Collected data entries:
· · · ·

Lemma hilbert_itv_indic (m x : R) : x < m \/ 1 < x ->
  hilbert (itv_indic m) x = \int[mu]_(y in `[m, 1]) (x - y)^-1.
Proof.
move=> xm; rewrite (@hilbert_outside_support _ m 1) //; last exact: itv_indic_out.
by apply: eq_Rintegral => y; rewrite inE /= in_itv /= => ym; rewrite itv_indic_in // mul1r.
Qed.

Lemma commutator_itv_indic (m x : R) : 0 < m -> x < m \/ 1 < x ->
  logH (itv_indic m) x = \int[mu]_(y in `[m, 1]) ((logabs x - ln y) * (x - y)^-1).
Proof.
move=> m0 xm.
have yx y : m <= y <= 1 -> y != x.
  case/andP=> my y1; case: xm => h; first by rewrite gt_eqF // (lt_le_trans h).
  by rewrite lt_eqF // (le_lt_trans y1).
have ypos y : m <= y <= 1 -> 0 < y by case/andP=> my _; exact: lt_le_trans my.
have H_logf : hilbert (fun y => logabs y * itv_indic m y) x
              = \int[mu]_(y in `[m, 1]) (ln y * (x - y)^-1).
  rewrite (@hilbert_outside_support _ m 1) //; last first.
    by move=> y h; rewrite itv_indic_out // mulr0.
  apply: eq_Rintegral => y; rewrite inE /= in_itv /= => ym.
  by rewrite itv_indic_in // mulr1 /logabs gtr0_norm // ypos.
rewrite /commutator hilbert_itv_indic // H_logf.
under [RHS]eq_Rintegral do rewrite mulrBl.
rewrite RintegralB ?RintegralZl //; apply: continuous_itv_integrable => y ym.
- exact: continuous_invrB (yx _ ym).
- apply: (@continuousM _ _ (fun=> logabs x) (fun y => (x - y)^-1)); first exact: cvg_cst.
  exact: continuous_invrB (yx _ ym).
- by apply: continuousM; [exact: continuous_ln (ypos _ ym) | exact: continuous_invrB (yx _ ym)].
Qed.

Lemma hilbert_itv_indic_ge (u t : R) : 0 < u -> 0 < t <= expR (- u) ->
  u / 4 <= `| hilbert (itv_indic (expR (- u / 2))) (- t) |.
Proof.
move=> u0 /andP[t0 tu]; set m := expR (- u / 2).
have m0 : 0 < m by rewrite expR_gt0.
have m1 : m < 1 by rewrite expR_lt1; lra.
have tm : t <= m by apply: (le_trans tu); rewrite ler_expR; lra.
rewrite hilbert_itv_indic; last by left; lra.
have : \int[mu]_(y in `[m, 1]) (- t - y)^-1 <= \int[mu]_(y in `[m, 1]) (- 2^-1 * y^-1).
  apply: le_Rintegral => //; last first.
    move=> y; rewrite /= in_itv /= => /andP[my _].
    rewrite -opprD invrN mulNr lerN2 -invfM lef_pV2 ?posrE; lra.
  - exact: scaled_inv_itv_integrable.
  - by apply: continuous_itv_integrable => y ym; apply: continuous_invrB; rewrite gt_eqF //; lra.
rewrite Rintegral_itv_scaled_inv ?m0 // /m expRK => HI.
by rewrite ler_normr; apply/orP; right; lra.
Qed.

Lemma commutator_itv_indic_ge (u t : R) : 0 < u -> 0 < t <= expR (- u) ->
  u * u / 8 <= `| logH (itv_indic (expR (- u / 2))) (- t) |.
Proof.
move=> u0 /andP[t0 tu]; set m := expR (- u / 2).
have m0 : 0 < m by rewrite expR_gt0.
have m1 : m < 1 by rewrite expR_lt1; lra.
have tm : t <= m by apply: (le_trans tu); rewrite ler_expR; lra.
have lnm : ln m = - u / 2 by rewrite /m expRK.
have lnt : ln t <= - u by rewrite -(expRK (- u)) ler_ln ?posrE ?expR_gt0.
rewrite commutator_itv_indic //; last by left; lra.
have : \int[mu]_(y in `[m, 1]) (u / 4 * y^-1)
       <= \int[mu]_(y in `[m, 1]) ((logabs (- t) - ln y) * (- t - y)^-1).
  apply: le_Rintegral => //; last first.
    move=> y; rewrite /= in_itv /= => /andP[my y1].
    have y0 : 0 < y by exact: lt_le_trans my.
    have lny : - u / 2 <= ln y by rewrite -lnm ler_ln ?posrE.
    rewrite /logabs normrN gtr0_norm // -opprD invrN mulrN -mulNr opprB.
    have -> : u / 4 * y^-1 = u / 2 * (2 * y)^-1 by rewrite invfM; field; rewrite gt_eqF.
    by apply: ler_pM; rewrite ?invr_ge0 ?lef_pV2 ?posrE; lra.
  - apply: continuous_itv_integrable => y /andP[my _].
    apply: (@continuousM _ _ (fun y : R => logabs (- t) - ln y) (fun y : R => (- t - y)^-1)).
      by apply: cvgB; [exact: cvg_cst | apply: continuous_ln; rewrite (lt_le_trans m0)].
    by apply: continuous_invrB; rewrite gt_eqF //; lra.
  - exact: scaled_inv_itv_integrable.
rewrite Rintegral_itv_scaled_inv ?m0 // lnm => HI.
by rewrite ler_normr; apply/orP; left; lra.
Qed.

Lemma commutator_half_indic_ge (q x : R) : 0 < q -> expR q <= x <= 2 * expR q ->
  q / (4 * expR q) <= `| logH (itv_indic 2^-1) x |.
Proof.
move=> q0; set A := expR q => /andP[Ax xA].
have A1 : 1 < A by rewrite /A -expR0 ltr_expR.
have lnx : q <= ln x by rewrite -(expRK q) ler_ln ?posrE ?expR_gt0 //; lra.
rewrite commutator_itv_indic //; last by right; lra.
have : \int[mu]_(y in `[2^-1, 1]) (q / (2 * A))
       <= \int[mu]_(y in `[2^-1, 1]) ((logabs x - ln y) * (x - y)^-1).
  apply: le_Rintegral => //; last first.
    move=> y; rewrite /= in_itv /= => /andP[my y1].
    have lny : ln y <= 0 by exact: ln_le0.
    rewrite /logabs gtr0_norm; last lra.
    by apply: ler_pM; rewrite ?invr_ge0 ?lef_pV2 ?posrE; lra.
  - apply: continuous_itv_integrable => y /andP[my y1].
    apply: (@continuousM _ _ (fun y : R => logabs x - ln y) (fun y : R => (x - y)^-1)).
      by apply: cvgB; [exact: cvg_cst | apply: continuous_ln; lra].
    by apply: continuous_invrB; rewrite lt_eqF //; lra.
  - by apply: continuous_itv_integrable => y _; exact: cvg_cst.
rewrite Rintegral_cst //.
have -> : fine (mu `[2^-1, 1]) = 1 - 2^-1.
  by rewrite lebesgue_measure_itv /= lte_fin ifT //; lra.
move=> HI; rewrite ler_normr; apply/orP; left; apply: le_trans HI.
by rewrite le_eqVlt; apply/orP; left; apply/eqP; field; rewrite gt_eqF //; lra.
Qed.

Lemma powR_expN_half_ge (p : R) : 1 < p -> expR (-1) / 2 <= (expR (- p) / 2) `^ p^-1.
Proof.
move=> p1.
have a0 : 0 < expR (- p) / 2 by rewrite divr_gt0 ?expR_gt0.
have -> : expR (-1) / 2 = expR (- 1 - ln 2) :> R by rewrite expRD expRN lnK ?posrE.
rewrite -[X in _ <= X]lnK; last by rewrite posrE powR_gt0.
rewrite ln_powR ln_div ?posrE ?expR_gt0 // expRK ler_expR.
have L0 : 0 <= ln (2 : R) by rewrite ln_ge0 //; lra.
have w0 : 0 < p^-1 by rewrite invr_gt0; lra.
have wp : p^-1 * p = 1 by rewrite mulVf // gt_eqF //; lra.
have w1 : p^-1 <= 1 by rewrite invf_le1; lra.
set w := p^-1 in w0 wp w1 *; set L := ln 2 in L0 *.
nra.
Qed.

Lemma opnorm_ge_itv_indic (p m lam a b : R) (T : (R -> R) -> R -> R) :
  0 < p -> 0 <= m <= 1 -> 0 < lam -> a <= b ->
  (forall x, a <= x <= b -> lam < `|T (itv_indic m) x|) ->
  ((lam * (b - a) `^ p^-1)%:E <= opnorm_Lp_weakLp p T)%E.
Proof.
move=> p0 m01 lam0 ab Tlam.
apply: (@le_trans _ _ (weakLpnorm p (T (itv_indic m)))); first exact: weakLpnorm_ge_itv.
exact: opnorm_Lp_weakLp_ge (measurable_itv_indic m) (Lpnorm_itv_indic_le1 p0 m01).
Qed.

Lemma opnorm_ge_near0 (p lam : R) (T : (R -> R) -> R -> R) : 1 < p -> 0 < lam ->
  (forall t, 0 < t <= expR (- p) -> lam < `|T (itv_indic (expR (- p / 2))) (- t)|) ->
  ((lam * (expR (-1) / 2))%:E <= opnorm_Lp_weakLp p T)%E.
Proof.
move=> p1 lam0 Tlam; have ep0 : 0 < expR (- p) by rewrite expR_gt0.
apply: le_trans
  (@opnorm_ge_itv_indic p (expR (- p / 2)) lam (- expR (- p)) (- (expR (- p) / 2)) T _ _ _ _ _).
- have -> : - (expR (- p) / 2) - - expR (- p) = expR (- p) / 2 by field.
  by rewrite lee_fin ler_pM2l //; exact: powR_expN_half_ge.
- lra.
- by rewrite expR_ge0 expR_le1; lra.
- exact: lam0.
- lra.
- move=> x x_win; rewrite -[x]opprK; apply: Tlam; lra.
Qed.

Lemma hilbert_opnorm_ge (p : R) : 1 < p ->
  ((expR (-1) / 16 * p)%:E <= opnorm_Lp_weakLp p (@hilbert R))%E.
Proof.
move=> p1; have -> : expR (-1) / 16 * p = p / 8 * (expR (-1) / 2) by field.
apply: opnorm_ge_near0 => // [|t tp]; first lra.
by apply: lt_le_trans (hilbert_itv_indic_ge _ tp); lra.
Qed.

Lemma commutator_opnorm_ge_sqr (p : R) : 1 < p ->
  ((expR (-1) / 32 * p ^+ 2)%:E <= opnorm_Lp_weakLp p logH)%E.
Proof.
move=> p1; have -> : expR (-1) / 32 * p ^+ 2 = p * p / 16 * (expR (-1) / 2).
  by rewrite expr2; field.
have pp0 : 0 < p * p by nra.
apply: opnorm_ge_near0 => // [|t tp]; first lra.
by apply: lt_le_trans (commutator_itv_indic_ge _ tp); lra.
Qed.

Lemma commutator_opnorm_ge_conj (p : R) : 1 < p ->
  ((expR (-1) / 8 * (p / (p - 1)))%:E <= opnorm_Lp_weakLp p logH)%E.
Proof.
move=> p1; set q := p / (p - 1); set A := expR q.
have q0 : 0 < q by rewrite /q divr_gt0 //; lra.
have A0 : 0 < A by rewrite expR_gt0.
(* The window [A, 2A] has length A and A^(1/p) = e^(q/p) = e^(q-1) since q/p = q - 1. *)
have window : q / (8 * A) * (2 * A - A) `^ p^-1 = expR (-1) / 8 * q.
  have -> : (2 * A - A) `^ p^-1 = expR (q / p).
    rewrite (_ : 2 * A - A = A); last by ring.
    by rewrite -[LHS]lnK ?posrE ?powR_gt0 // ln_powR /A expRK mulrC.
  have -> : q / (8 * A) * expR (q / p) = q / 8 * expR (q / p - q).
    by rewrite expRD expRN /A; field; rewrite gt_eqF ?expR_gt0.
  have -> : q / p - q = - 1.
    by rewrite /q; field; apply/andP; split; rewrite gt_eqF //; lra.
  by ring.
rewrite -window; apply: (@opnorm_ge_itv_indic p 2^-1 (q / (8 * A)) A (2 * A)).
- lra.
- by apply/andP; split; lra.
- by rewrite divr_gt0 //; lra.
- lra.
- move=> x xA; apply: lt_le_trans (commutator_half_indic_ge q0 xA).
  by rewrite ltr_pM2l // -/A ltf_pV2 ?posrE; lra.
Qed.

End Hilbert_lower_bounds.

Theorem lemma1p2 (R : realType) :
  exists c5 c6 : R, 0 < c5 /\ 0 < c6 /\
    forall p : R, 1 < p ->
      ((c5 * p)%:E <= opnorm_Lp_weakLp p (@hilbert R))%E /\
      ((c6 * Num.max (p / (p - 1)) (p ^+ 2))%:E
         <= opnorm_Lp_weakLp p (commutator (@logabs R) (@hilbert R)))%E.
Proof.
have e0 : 0 < expR (-1) :> R by rewrite expR_gt0.
exists (expR (-1) / 16), (expR (-1) / 32); split; first lra; split; first lra.
move=> p p1; split; first exact: hilbert_opnorm_ge.
have q0 : 0 < p / (p - 1) by rewrite divr_gt0 //; lra.
have [_|_] := leP (p / (p - 1)) (p ^+ 2); first exact: commutator_opnorm_ge_sqr.
apply: le_trans (commutator_opnorm_ge_conj p1); rewrite lee_fin.
by apply: ler_pM; lra.
Qed.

· · · ·

INSTRUCTIONS TO FOLLOW: Where a line of the data includes the string "cvgB", list that line.

TASK ANSWER:
      by apply: cvgB; [exact: cvg_cst | apply: continuous_ln; rewrite (lt_le_trans m0)].
      by apply: cvgB; [exact: cvg_cst | apply: continuous_ln; lra].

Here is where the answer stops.